▶ _INSTRUCTIONS FOR THE TASK_:
The lines from the start of the data through the line with "a restart (Step" are to be returned verbatim; all later lines are to be omitted.

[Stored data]
**********

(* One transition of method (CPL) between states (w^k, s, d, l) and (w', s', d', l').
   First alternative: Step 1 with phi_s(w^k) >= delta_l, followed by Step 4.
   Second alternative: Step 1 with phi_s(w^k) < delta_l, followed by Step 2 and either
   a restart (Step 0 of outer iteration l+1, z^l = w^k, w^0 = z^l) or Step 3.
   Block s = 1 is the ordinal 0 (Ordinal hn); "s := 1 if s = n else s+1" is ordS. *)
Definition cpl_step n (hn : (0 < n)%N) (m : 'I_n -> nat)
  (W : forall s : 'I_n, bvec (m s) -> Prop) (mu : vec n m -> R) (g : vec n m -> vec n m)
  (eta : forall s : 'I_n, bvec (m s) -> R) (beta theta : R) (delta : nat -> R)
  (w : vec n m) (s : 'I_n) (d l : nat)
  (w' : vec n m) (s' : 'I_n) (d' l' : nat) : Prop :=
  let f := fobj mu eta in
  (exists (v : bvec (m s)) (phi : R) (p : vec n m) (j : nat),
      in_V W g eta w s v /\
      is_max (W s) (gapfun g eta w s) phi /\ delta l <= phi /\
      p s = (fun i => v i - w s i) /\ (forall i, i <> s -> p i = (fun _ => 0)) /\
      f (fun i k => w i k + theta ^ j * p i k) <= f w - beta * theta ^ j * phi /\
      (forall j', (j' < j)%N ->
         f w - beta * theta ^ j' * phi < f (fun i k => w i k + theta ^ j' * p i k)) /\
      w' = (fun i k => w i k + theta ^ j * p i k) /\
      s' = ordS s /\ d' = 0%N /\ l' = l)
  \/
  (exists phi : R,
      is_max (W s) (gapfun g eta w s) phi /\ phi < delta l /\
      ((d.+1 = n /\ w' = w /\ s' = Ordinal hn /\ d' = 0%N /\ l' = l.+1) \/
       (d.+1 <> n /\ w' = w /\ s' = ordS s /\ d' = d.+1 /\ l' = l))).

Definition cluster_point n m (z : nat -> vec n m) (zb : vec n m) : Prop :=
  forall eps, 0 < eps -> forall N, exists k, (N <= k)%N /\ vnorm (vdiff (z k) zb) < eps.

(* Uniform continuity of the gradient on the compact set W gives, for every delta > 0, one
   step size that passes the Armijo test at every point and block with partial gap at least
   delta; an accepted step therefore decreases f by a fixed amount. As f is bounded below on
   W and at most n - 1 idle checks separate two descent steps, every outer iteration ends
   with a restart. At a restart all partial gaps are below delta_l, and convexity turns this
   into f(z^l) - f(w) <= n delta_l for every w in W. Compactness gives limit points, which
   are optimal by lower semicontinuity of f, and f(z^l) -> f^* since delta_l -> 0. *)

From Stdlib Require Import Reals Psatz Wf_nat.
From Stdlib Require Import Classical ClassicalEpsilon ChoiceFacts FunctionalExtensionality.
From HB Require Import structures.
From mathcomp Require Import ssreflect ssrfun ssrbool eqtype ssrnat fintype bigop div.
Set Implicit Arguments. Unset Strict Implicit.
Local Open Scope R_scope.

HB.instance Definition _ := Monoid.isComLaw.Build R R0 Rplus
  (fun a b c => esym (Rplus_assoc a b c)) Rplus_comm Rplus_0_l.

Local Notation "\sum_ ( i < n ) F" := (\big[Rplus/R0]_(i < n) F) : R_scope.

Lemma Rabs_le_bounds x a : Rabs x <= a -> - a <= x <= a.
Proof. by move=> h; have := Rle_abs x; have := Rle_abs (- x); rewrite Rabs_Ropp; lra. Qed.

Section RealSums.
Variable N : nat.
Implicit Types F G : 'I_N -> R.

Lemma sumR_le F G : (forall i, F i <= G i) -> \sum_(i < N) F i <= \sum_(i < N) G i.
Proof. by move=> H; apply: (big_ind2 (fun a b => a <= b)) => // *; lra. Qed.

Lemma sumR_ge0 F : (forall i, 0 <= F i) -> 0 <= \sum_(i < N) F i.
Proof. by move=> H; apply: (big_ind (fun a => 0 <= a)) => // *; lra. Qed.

**********

▶ _SOLUTION FOR THIS EXERCISE_:
(* One transition of method (CPL) between states (w^k, s, d, l) and (w', s', d', l').
   First alternative: Step 1 with phi_s(w^k) >= delta_l, followed by Step 4.
   Second alternative: Step 1 with phi_s(w^k) < delta_l, followed by Step 2 and either
   a restart (Step 0 of outer iteration l+1, z^l = w^k, w^0 = z^l) or Step 3.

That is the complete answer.